At –60 mV, hNaDC3 carries αKG and GA with high and the other GA derivatives with moderate affinity (Hagos et al. 2008). In the present study, we found that the affinities for D- and L-2OHGA increased whereas that of 3OHGA decreased at depolarized potentials. Besides KM, Imax was also influenced by the membrane potential. The different GA derivatives also differ in their Imax being largest for D-2OHGA, indicating that D-2OHGA can be taken up into astrocytes at high rates and may interfere with the uptake of αKG which is needed by astrocytes for the synthesis of glutamine (Peng et al. 1991) and other metabolic purposes.

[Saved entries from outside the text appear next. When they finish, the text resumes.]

(* The space $\ell_1$ fails the $\mathbf{L}_{p,p}$-nu.
   Context: For a Banach space $X$: $\Pi(X)=\{(x,x^* )\in S_X\times S_{X^*}: x^*(x)=1\}$; for $T\in\mathcal{L}(X)$ (bounded linear operators on $X$), $v(T)=\sup\{|x^*(Tx)|:(x,x^* )\in\Pi(X)\}$. $X$ has the $\mathbf{L}_{p,p}$-nu if for every $\varepsilon>0$ and $(x,x^* )\in\Pi(X)$ there is $\eta(\varepsilon,(x,x^* ))>0$ such that whenever $T\in\mathcal{L}(X)$ with $v(T)=1$ satisfies $|x^*(Tx)|>1-\eta(\varepsilon,(x,x^* ))$, there is $S\in\mathcal{L}(X)$ with $v(S)=1$, $|x^*(Sx)|=1$ and $\|S-T\|<\varepsilon$. *)

From Stdlib Require Import Reals.
From Coquelicot Require Import Coquelicot.
Open Scope R_scope.

Definition seqR := nat -> R.

Definition in_l1 (x : seqR) : Prop := ex_series (fun n => Rabs (x n)).
Definition norm1 (x : seqR) : R := Series (fun n => Rabs (x n)).

Definition seq_add (x y : seqR) : seqR := fun n => x n + y n.
Definition seq_scal (a : R) (x : seqR) : seqR := fun n => a * x n.

(** Bounded linear functionals on ell_1 (elements of the dual X^* ).
    Only their values on ell_1 matter. *)
Definition lin_functional (f : seqR -> R) : Prop :=
  forall a b x y, in_l1 x -> in_l1 y ->
    f (seq_add (seq_scal a x) (seq_scal b y)) = a * f x + b * f y.

Definition bounded_functional (f : seqR -> R) : Prop :=
  lin_functional f /\
  exists C : R, forall x, in_l1 x -> Rabs (f x) <= C * norm1 x.

Definition dual_norm (f : seqR -> R) : Rbar :=
  Lub_Rbar (fun r => exists x, in_l1 x /\ norm1 x <= 1 /\ r = Rabs (f x)).

Definition bounded_operator (T : seqR -> seqR) : Prop :=
  (forall x, in_l1 x -> in_l1 (T x)) /\
  (forall a b x y, in_l1 x -> in_l1 y ->
     forall n, T (seq_add (seq_scal a x) (seq_scal b y)) n = a * T x n + b * T y n) /\
  exists C : R, forall x, in_l1 x -> norm1 (T x) <= C * norm1 x.

Definition op_norm (T : seqR -> seqR) : Rbar :=
  Lub_Rbar (fun r => exists x, in_l1 x /\ norm1 x <= 1 /\ r = norm1 (T x)).

Definition op_sub (S T : seqR -> seqR) : seqR -> seqR :=
  fun x n => S x n - T x n.

Definition Pi (x : seqR) (f : seqR -> R) : Prop :=
  in_l1 x /\ norm1 x = 1 /\
  bounded_functional f /\ dual_norm f = Finite 1 /\
  f x = 1.

Definition num_radius (T : seqR -> seqR) : Rbar :=
  Lub_Rbar (fun r => exists x f, Pi x f /\ r = Rabs (f (T x))).

Definition Lppnu_l1 : Prop :=
  forall (eps : R), 0 < eps ->
  forall (x : seqR) (f : seqR -> R), Pi x f ->
  exists eta : R, 0 < eta /\
    forall T : seqR -> seqR,
      bounded_operator T -> num_radius T = Finite 1 ->
      Rabs (f (T x)) > 1 - eta ->
      exists S : seqR -> seqR,
        bounded_operator S /\ num_radius S = Finite 1 /\
        Rabs (f (S x)) = 1 /\
        Rbar_lt (op_norm (op_sub S T)) (Finite eps).

From Stdlib Require Import Reals.
From Coquelicot Require Import Coquelicot.
From Stdlib Require Import Lra Lia FunctionalExtensionality.
Open Scope R_scope.

(** Take x = (1/2, 1/4, 1/8, ...) and the summing functional f(y) = sum_n y n;
    every nonnegative y of sum 1 gives (y, f) in Pi(ell_1).

    - Rigidity: if v(S) = 1 then |f(S y)| <= 1 for each such y.  Since x is
      a proper convex combination of e_k and of another nonnegative vector of
      sum 1, |f(S x)| = 1 forces f(S e_k) = f(S x) for EVERY unit vector e_k.
    - The operators T_N, which flip the sign of the coordinates >= N, are
      isometries with v(T_N) = 1, and f(T_N x) = 1 - 2^(1-N) -> 1.
    - If S is as above, then f((S - T_N) e_k) = f(S x) -+ 1 for k < N
      resp. k >= N; one of these has modulus 2, so ||S - T_N|| >= 2.

    Hence with eps = 1 no eta works at (x, f): T_N with 2^(1-N) < eta
    satisfies |f(T_N x)| > 1 - eta but is at distance >= 2 from every S
    with v(S) = 1 and |f(S x)| = 1. *)

Lemma in_l1_lincomb (u v : seqR) (c d : R) :
  in_l1 u -> in_l1 v -> in_l1 (fun n => c * u n + d * v n).
Proof.
  unfold in_l1; intros Hu Hv.
  apply (@ex_series_le R_AbsRing R_CompleteNormedModule _
           (fun n => Rabs c * Rabs (u n) + Rabs d * Rabs (v n))).
  - intros n. change (norm (Rabs (c * u n + d * v n)))
      with (Rabs (Rabs (c * u n + d * v n))).
    rewrite Rabs_Rabsolu, <- !Rabs_mult. apply Rabs_triang.
  - exact (ex_series_plus _ _ (ex_series_scal_l (Rabs c) _ Hu) (ex_series_scal_l (Rabs d) _ Hv)).
Qed.

Lemma Series_lincomb (u v : seqR) (c d : R) : in_l1 u -> in_l1 v ->
  Series (fun n => c * u n + d * v n) = c * Series u + d * Series v.
Proof.
  intros Hu Hv. apply ex_series_Rabs in Hu. apply ex_series_Rabs in Hv.
  rewrite Series_plus, !Series_scal_l; trivial.
  - exact (ex_series_scal_l c _ Hu).
  - exact (ex_series_scal_l d _ Hv).
Qed.

Lemma is_series_zero : is_series (fun _ : nat => 0) 0.
Proof.
  assert (H := is_series_scal_l 0 _ _ (is_series_geom (1/2) ltac:(rewrite Rabs_pos_eq; lra))).
  rewrite Rmult_0_l in H.
  eapply is_series_ext; [|exact H]. intros n. apply Rmult_0_l.
Qed.

Lemma sum_n_zero (a : nat -> R) (m : nat) :
  (forall i, (i <= m)%nat -> a i = 0) -> sum_n a m = 0.
Proof.
  induction m as [|m IH]; intros H.
  - rewrite sum_O. apply H. lia.
  - rewrite sum_Sn, IH, (H (S m)) by (lia || (intros; apply H; lia)).
    change (0 + 0 = 0). ring.
Qed.

Lemma Lub_Rbar_eq_1 (E : R -> Prop) :
  (forall r, E r -> r <= 1) -> E 1 -> Lub_Rbar E = Finite 1.
Proof.
  intros Hub H1. apply is_lub_Rbar_unique. split.
  - intros r Hr. exact (Hub r Hr).
  - intros b Hb. exact (Hb 1 H1).
Qed.

Lemma Lub_Rbar_ge (E : R -> Prop) (r : R) : E r -> Rbar_le (Finite r) (Lub_Rbar E).
Proof. intros H. exact (proj1 (Lub_Rbar_correct E) r H). Qed.

Lemma Lub_Rbar_1_bound (E : R -> Prop) (r : R) : Lub_Rbar E = Finite 1 -> E r -> r <= 1.
Proof. intros H Hr. pose proof (Lub_Rbar_ge E r Hr) as K. rewrite H in K. exact K. Qed.

Definition sum_fun (y : seqR) : R := Series y.

Lemma sum_fun_le_norm1 (y : seqR) : in_l1 y -> Rabs (sum_fun y) <= norm1 y.
Proof. exact (Series_Rabs y). Qed.

Definition prob_vector (z : seqR) : Prop := (forall n, 0 <= z n) /\ is_series z 1.

Lemma prob_vector_sphere (z : seqR) : prob_vector z -> in_l1 z /\ norm1 z = 1.
Proof.
  intros [Hp Hs].
  assert (Habs : forall n, Rabs (z n) = z n) by (intros n; apply Rabs_pos_eq, Hp).
  split.
  - exists 1. eapply is_series_ext; [|exact Hs]. intros n; now rewrite Habs.
  - unfold norm1. rewrite (Series_ext _ z Habs). exact (is_series_unique _ _ Hs).
Qed.

Lemma sum_fun_prob (z : seqR) : prob_vector z -> sum_fun z = 1.
Proof. intros [_ Hs]. exact (is_series_unique _ _ Hs). Qed.

Lemma Pi_prob_sum (z : seqR) : prob_vector z -> Pi z sum_fun.
Proof.
  intros Hz. destruct (prob_vector_sphere z Hz) as [Hl Hn].
  assert (Hf := sum_fun_prob z Hz).
  repeat split; trivial.
  - intros a b x y Hx Hy. exact (Series_lincomb x y a b Hx Hy).
  - exists 1. intros x Hx. rewrite Rmult_1_l. exact (sum_fun_le_norm1 x Hx).
  - apply Lub_Rbar_eq_1.
    + intros r [x [Hx [Hnx ->]]]. eapply Rle_trans; [exact (sum_fun_le_norm1 x Hx)|exact Hnx].
    + exists z. rewrite Hf, Rabs_R1. repeat split; trivial. lra.
Qed.

Lemma Pi_functional_le (z w : seqR) (g : seqR -> R) :
  Pi z g -> in_l1 w -> norm1 w <= 1 -> Rabs (g w) <= 1.
Proof.
  intros (_ & _ & _ & Hd & _) Hw Hn.
  apply (Lub_Rbar_1_bound _ _ Hd). exists w. auto.
Qed.

Lemma radius_1_prob (S : seqR -> seqR) (z : seqR) :
  num_radius S = Finite 1 -> prob_vector z -> Rabs (sum_fun (S z)) <= 1.
Proof.
  intros Hv Hz. apply (Lub_Rbar_1_bound _ _ Hv). exists z, sum_fun.
  split; [exact (Pi_prob_sum z Hz)|reflexivity].
Qed.

Definition geom : seqR := fun n => (1/2) ^ (S n).

Lemma geom_pos (n : nat) : 0 < geom n.
Proof. apply pow_lt. lra. Qed.

Lemma geom_lt_1 (k : nat) : geom k < 1.
Proof. apply (pow_lt_1_compat (1/2) (S k)); [lra|lia]. Qed.

Lemma geom_series : is_series geom 1.
Proof.
  assert (H := is_series_scal_l (1/2) _ _ (is_series_geom (1/2) ltac:(rewrite Rabs_pos_eq; lra))).
  replace 1 with (1/2 * / (1 - 1/2)) by field.
  eapply is_series_ext; [|exact H]. reflexivity.
Qed.

Lemma geom_prob : prob_vector geom.
Proof. split; [intros n; apply Rlt_le, geom_pos|exact geom_series]. Qed.

Definition unit (k : nat) : seqR := fun n => if Nat.eqb n k then 1 else 0.

Lemma unit_series (k : nat) : is_series (unit k) 1.
Proof.
  apply (is_series_decr_n _ (S k)); [lia|]. simpl pred.
  assert (Hs : sum_n (unit k) k = 1).
  { destruct k as [|k].
    - rewrite sum_O. reflexivity.
    - rewrite sum_Sn, sum_n_zero.
      + unfold unit. rewrite Nat.eqb_refl. change (0 + 1 = 1). ring.
      + intros i Hi. unfold unit. destruct (Nat.eqb_spec i (S k)); [lia|reflexivity]. }
  match goal with |- is_series _ ?l => replace l with 0 end.
  2: { change (0 = 1 + - sum_n (unit k) k). rewrite Hs. ring. }
  eapply is_series_ext; [|exact is_series_zero]. intros n. unfold unit.
  destruct (Nat.eqb_spec (S k + n) k); [lia|reflexivity].
Qed.

Lemma unit_prob (k : nat) : prob_vector (unit k).
Proof.
  split; [|exact (unit_series k)].
  intros n. unfold unit. destruct (Nat.eqb n k); lra.
Qed.

Definition geom_compl (k : nat) : seqR :=
  fun n => (geom n - geom k * unit k n) / (1 - geom k).

Lemma geom_compl_prob (k : nat) : prob_vector (geom_compl k).
Proof.
  assert (Hlt := geom_lt_1 k). split.
  - intros n. unfold geom_compl. apply Rmult_le_pos; [|apply Rlt_le, Rinv_0_lt_compat; lra].
    unfold unit. destruct (Nat.eqb_spec n k) as [->|_]; [lra|].
    pose proof (geom_pos n). lra.
  - assert (Hsum := is_series_plus _ _ _ _
      (is_series_scal_l (/ (1 - geom k)) _ _ geom_series)
      (is_series_scal_l (- geom k / (1 - geom k)) _ _ (unit_series k))).
    replace 1 with (/ (1 - geom k) * 1 + - geom k / (1 - geom k) * 1) by (field; lra).
    eapply is_series_ext; [|exact Hsum].
    intros n. unfold geom_compl. change (/ (1 - geom k) * geom n + - geom k / (1 - geom k) * unit k n
      = (geom n - geom k * unit k n) / (1 - geom k)). field. lra.
Qed.

Lemma geom_split (k : nat) :
  geom = seq_add (seq_scal (geom k) (unit k)) (seq_scal (1 - geom k) (geom_compl k)).
Proof.
  apply functional_extensionality. intros n. unfold seq_add, seq_scal, geom_compl.
  assert (Hlt := geom_lt_1 k). field. lra.
Qed.

Lemma extreme_point_interval (t a b : R) :
  0 < t < 1 -> Rabs a <= 1 -> Rabs b <= 1 -> Rabs (t * a + (1 - t) * b) = 1 ->
  a = t * a + (1 - t) * b.
Proof.
  intros Ht Ha Hb Hs.
  apply Rabs_le_between in Ha. apply Rabs_le_between in Hb.
  destruct (Rcase_abs (t * a + (1 - t) * b)).
  - rewrite Rabs_left in Hs by lra. nra.
  - rewrite Rabs_pos_eq in Hs by lra. nra.
Qed.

Although our findings did not elucidate the mechanisms by which the GA derivatives induce the neuronal damage observed in the affected patients, we can definitely exclude NaCT as a transporter facilitating the uptake of D- and L-2OHGA as well as 3OHGA into neurons. The impaired uptake of αKG due to the efficient interactions of D- and L-2OHGA with NaDC3 could interfere with the astrocytes ability to produce TCA derivatives and to feed neurons with these compounds needed for synthesis of neurotransmitters. As, during brain development, energy requirements are increasing (Harting et al. 2009), the metabolic support of astrocytes may be limited due to accumulating GA derivatives in the synaptic cleft. This in turn may induce the observed neuronal damage due to shortage of fuels when the brain is in a most vulnerable phase as recently discussed by Strauss et al. (2010).